Go over the data below line by line, and state how many lines contain the string "From". Give the number only.

(Items listed in a dataset)
=-=-=-=-=

Lemma integral_quadratic a b c : (\int[F]_x (quadratic a b c x)%:E =
  (a * (m ^+ 2 + s ^+ 2) + b * m + c)%:E)%E.
Proof.
rewrite quadraticE integralD //; last 2 first.
- by apply: integrableD => //; exact: integrableZl.
- exact: finite_measure_integrable_cst.
rewrite integralD //; [|exact: integrableZl|exact: integrableZl].
have int_cst : (\int[F]_x (cst c%:E) x = c%:E)%E.
  rewrite integral_cst // -[RHS]mule1; congr (_ * _)%E; exact: probability_setT.
by rewrite !integralZl // integral_id integral_sqr int_cst -!EFinM -!EFinD.
Qed.

Let measurable_quadratic a b c :
  measurable_fun setT (fun x => (quadratic a b c x)%:E).
Proof. exact: measurable_int (integrable_quadratic a b c). Qed.

Lemma quadratic_moment_ge0 {a b c} : {ae F, forall x, 0 <= quadratic a b c x} ->
  0 <= a * (m ^+ 2 + s ^+ 2) + b * m + c.
Proof.
move=> q_ge0; rewrite -lee_fin -integral_quadratic.
rewrite (ae_eq_integral (fun x => (quadratic a b c x)%:E)^\+)%E //.
- by apply: integral_ge0 => x _; exact: funepos_ge0.
- exact: measurable_funepos.
- by apply: filterS q_ge0 => x qx _; rewrite funeposE max_l // lee_fin.
Qed.

Lemma ae_quadratic_eq0 {a b c} : {ae F, forall x, 0 <= quadratic a b c x} ->
  a * (m ^+ 2 + s ^+ 2) + b * m + c = 0 -> {ae F, forall x, quadratic a b c x = 0}.
Proof.
move=> q_ge0 moment0.
have : (\int[F]_x `|(quadratic a b c x)%:E| = 0)%E.
  rewrite (ae_eq_integral (fun x => (quadratic a b c x)%:E)) //.
  - by rewrite integral_quadratic moment0.
  - exact/measurableT_comp.
  - by apply: filterS q_ge0 => x qx _; rewrite gee0_abs // lee_fin.
move/(ae_eq_integral_abs _ measurableT (measurable_quadratic a b c)).
by apply: filterS => x /(_ I) [].
Qed.

Lemma affine_mean_gt0 b c : b != 0 -> {ae F, forall x, 0 <= b * x + c} ->
  0 < b * m + c.
Proof.
move=> b_neq0 bc_ge0.
have q_ge0 : {ae F, forall x, 0 <= quadratic 0 b c x}.
  by apply: filterS bc_ge0 => x; rewrite /quadratic mul0r add0r.
have := quadratic_moment_ge0 q_ge0; rewrite mul0r add0r le_eqVlt.
case/orP => [/eqP bc0|//]; exfalso.
have sq_ge0 : {ae F, forall x, 0 <= quadratic (- b ^+ 2) (- (2 * b * c)) (- c ^+ 2) x}.
  apply: filterS (ae_quadratic_eq0 q_ge0 _) => [x|]; last by rewrite mul0r add0r.
  rewrite /quadratic mul0r add0r => bxc0.
  have -> : - b ^+ 2 * x ^+ 2 + - (2 * b * c) * x + - c ^+ 2 = - (b * x + c) ^+ 2.
    by ring.
  by rewrite bxc0 expr0n oppr0.
have := quadratic_moment_ge0 sq_ge0.
have -> : - b ^+ 2 * (m ^+ 2 + s ^+ 2) + - (2 * b * c) * m + - c ^+ 2 =
          - (b * m + c) ^+ 2 - b ^+ 2 * s ^+ 2 by ring.
have b2_gt0 : 0 < b ^+ 2 by rewrite lt_def sqrf_eq0 b_neq0 sqr_ge0.
have bs_gt0 : 0 < b ^+ 2 * s ^+ 2 by apply: mulr_gt0 => //; rewrite exprn_gt0.
by rewrite -bc0 expr0n oppr0 sub0r oppr_ge0 leNgt bs_gt0.
Qed.

Lemma mean_lt_of_ae_le {u} : {ae F, forall x, x <= u} -> m < u.
Proof.
move=> le_u; rewrite -subr_gt0 -mulN1r addrC.
apply: affine_mean_gt0; first by rewrite oppr_eq0 oner_eq0.
by apply: filterS le_u => x; rewrite mulN1r addrC subr_ge0.
Qed.

Lemma lt_mean_of_ae_ge {l} : {ae F, forall x, l <= x} -> l < m.
Proof.
move=> ge_l; rewrite -subr_gt0 -[m]mul1r.
apply: affine_mean_gt0; first exact: oner_neq0.
by apply: filterS ge_l => x; rewrite mul1r subr_ge0.
Qed.

Lemma variance_le_of_ae_bounds {l u} :
  {ae F, forall x, l <= x} -> {ae F, forall x, x <= u} ->
  s ^+ 2 <= (u - m) * (m - l).
Proof.
move=> ge_l le_u.
have q_ge0 : {ae F, forall x, 0 <= quadratic (-1) (u + l) (- (u * l)) x}.
  apply: filterS2 ge_l le_u => x lx xu.
  have -> : quadratic (-1) (u + l) (- (u * l)) x = (u - x) * (x - l).
    by rewrite /quadratic; ring.
  by rewrite mulr_ge0 // subr_ge0.
have := quadratic_moment_ge0 q_ge0.
have -> : -1 * (m ^+ 2 + s ^+ 2) + (u + l) * m + - (u * l) =
          (u - m) * (m - l) - s ^+ 2 by ring.
by rewrite subr_ge0.
Qed.

Lemma mean_lt_ess_sup : (m%:E < ess_sup_distr F)%E.
Proof.
case E: (ess_sup_distr F) => [u| |].
- by rewrite lte_fin; exact/mean_lt_of_ae_le/ae_le_ess_sup_distr.
- exact: ltry.
- by have := ess_sup_distr_neqNy F; rewrite E.
Qed.

Lemma ess_inf_lt_mean : (ess_inf_distr F < m%:E)%E.
Proof.
case E: (ess_inf_distr F) => [l| |].
- by rewrite lte_fin; exact/lt_mean_of_ae_ge/ae_ge_ess_inf_distr.
- by have := ess_inf_distr_neqy F; rewrite E.
- exact: ltNyr.
Qed.

Lemma variance_le_ess_range l u :
  ess_inf_distr F = l%:E -> ess_sup_distr F = u%:E -> s ^+ 2 <= (u - m) * (m - l).
Proof.
move=> /ae_ge_ess_inf_distr ge_l /ae_le_ess_sup_distr le_u.
exact: variance_le_of_ae_bounds.
Qed.
(* Let $C\in U(2)$ be a quantum coin. If $C$ is non-trivial, then there exist exactly two unit vectors $\gamma_1,\gamma_2\in\mathbb{C}^2$, counted up to multiplication by a global phase $e^{i\eta}$, such that the coin setups $(C,\gamma_1)$ and $(C,\gamma_2)$ are symmetric in distribution. If $C$ is trivial, then there exist uncountably many unit vectors $\gamma\in\mathbb{C}^2$, pairwise not equal up to a global phase, such that $(C,\gamma)$ is symmetric in distribution.
   Context: Let $\mathcal{H}=\ell^2(\mathbb{Z})\otimes\mathbb{C}^2$, with position basis $\{|j\rangle: j\in\mathbb{Z}\}$ of $\ell^2(\mathbb{Z})$ and orthonormal basis $\{|\uparrow\rangle,|\downarrow\rangle\}$ of $\mathbb{C}^2$. A (quantum) coin is any $C\in U(2)$, written $C=a|\uparrow\rangle\langle\uparrow|+b|\uparrow\rangle\langle\downarrow|+c|\downarrow\rangle\langle\uparrow|+d|\downarrow\rangle\langle\downarrow|$; $C$ is called trivial iff $abcd=0$, non-trivial otherwise. The conditional translation is $T=\sum_{j\in\mathbb{Z}}|j+1\rangle\langle j|\otimes|\uparrow\rangle\langle\uparrow|+\sum_{j\in\mathbb{Z}}|j-1\rangle\langle j|\otimes|\downarrow\rangle\langle\downarrow|$ and the walk operator is $W(C)=T(\mathbb{1}\otimes C)$. A coin setup is a pair $(C,\gamma)$ with $C\in U(2)$ and $\gamma\in\mathbb{C}^2$ a unit vector (the initial coin state). Its induced distributions are $p_{(C,\gamma)}(j,n)=\langle\psi_n|(|j\rangle\langle j|\otimes\mathbb{1})|\psi_n\rangle$ with $\psi_n=W(C)^n(|0\rangle\otimes\gamma)$, for $j\in\mathbb{Z}$, $n\in\mathbb{N}$. A coin setup is called symmetric in distribution if $p_{(C,\gamma)}(j,n)=p_{(C,\gamma)}(-j,n)$ for all $j\in\mathbb{Z}$ and all $n\in\mathbb{N}$. *)

From HB Require Import structures.
From mathcomp Require Import all_boot all_order all_algebra.
From mathcomp Require Import complex.
From mathcomp Require Import boolp classical_sets cardinality reals trigo.
Set Implicit Arguments. Unset Strict Implicit. Unset Printing Implicit Defensive.
Import Order.TTheory GRing.Theory Num.Theory.
Local Open Scope ring_scope.
Local Open Scope complex_scope.

Section QW.
Variable R : realType.

Definition up : 'I_2 := ord0.
Definition down : 'I_2 := ord_max.

Definition qw_adj (m n : nat) (A : 'M[R[i]]_(m, n)) : 'M[R[i]]_(n, m) :=
  \matrix_(i, j) (A j i)^*.

Definition qw_unitary (C : 'M[R[i]]_2) : Prop := C *m qw_adj C = 1%:M.

Definition is_unit_vector (g : 'cV[R[i]]_2) : Prop :=
  `|g up 0| ^+ 2 + `|g down 0| ^+ 2 = 1.

(* C = a|u><u| + b|u><d| + c|d><u| + d|d><d| ; trivial iff abcd = 0 *)
Definition trivial_coin (C : 'M[R[i]]_2) : Prop :=
  C up up * C up down * C down up * C down down = 0.

(* states in l^2(Z) (x) C^2 reached by the walk are finitely supported;
   represented as functions Z -> C^2 *)
Definition walk_step (C : 'M[R[i]]_2) (psi : int -> 'cV[R[i]]_2) : int -> 'cV[R[i]]_2 :=
  fun j => \col_k (if k == up then (C *m psi (j - 1)) up 0
                   else (C *m psi (j + 1)) down 0).

Definition init_state (g : 'cV[R[i]]_2) : int -> 'cV[R[i]]_2 :=
  fun j => if j == 0 then g else 0.

Definition psi_n (C : 'M[R[i]]_2) (g : 'cV[R[i]]_2) (n : nat) : int -> 'cV[R[i]]_2 :=
  iter n (walk_step C) (init_state g).

Definition prob (C : 'M[R[i]]_2) (g : 'cV[R[i]]_2) (j : int) (n : nat) : R[i] :=
  `|psi_n C g n j up 0| ^+ 2 + `|psi_n C g n j down 0| ^+ 2.

Definition symmetric_in_distribution (C : 'M[R[i]]_2) (g : 'cV[R[i]]_2) : Prop :=
  forall (j : int) (n : nat), prob C g j n = prob C g (- j) n.

Definition phase (eta : R) : R[i] := (cos eta)%:C + 'i * (sin eta)%:C.

Definition phase_equiv (g1 g2 : 'cV[R[i]]_2) : Prop :=
  exists eta : R, g2 = phase eta *: g1.

End QW.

=-=-=-=-=

=== Exercise output ===
4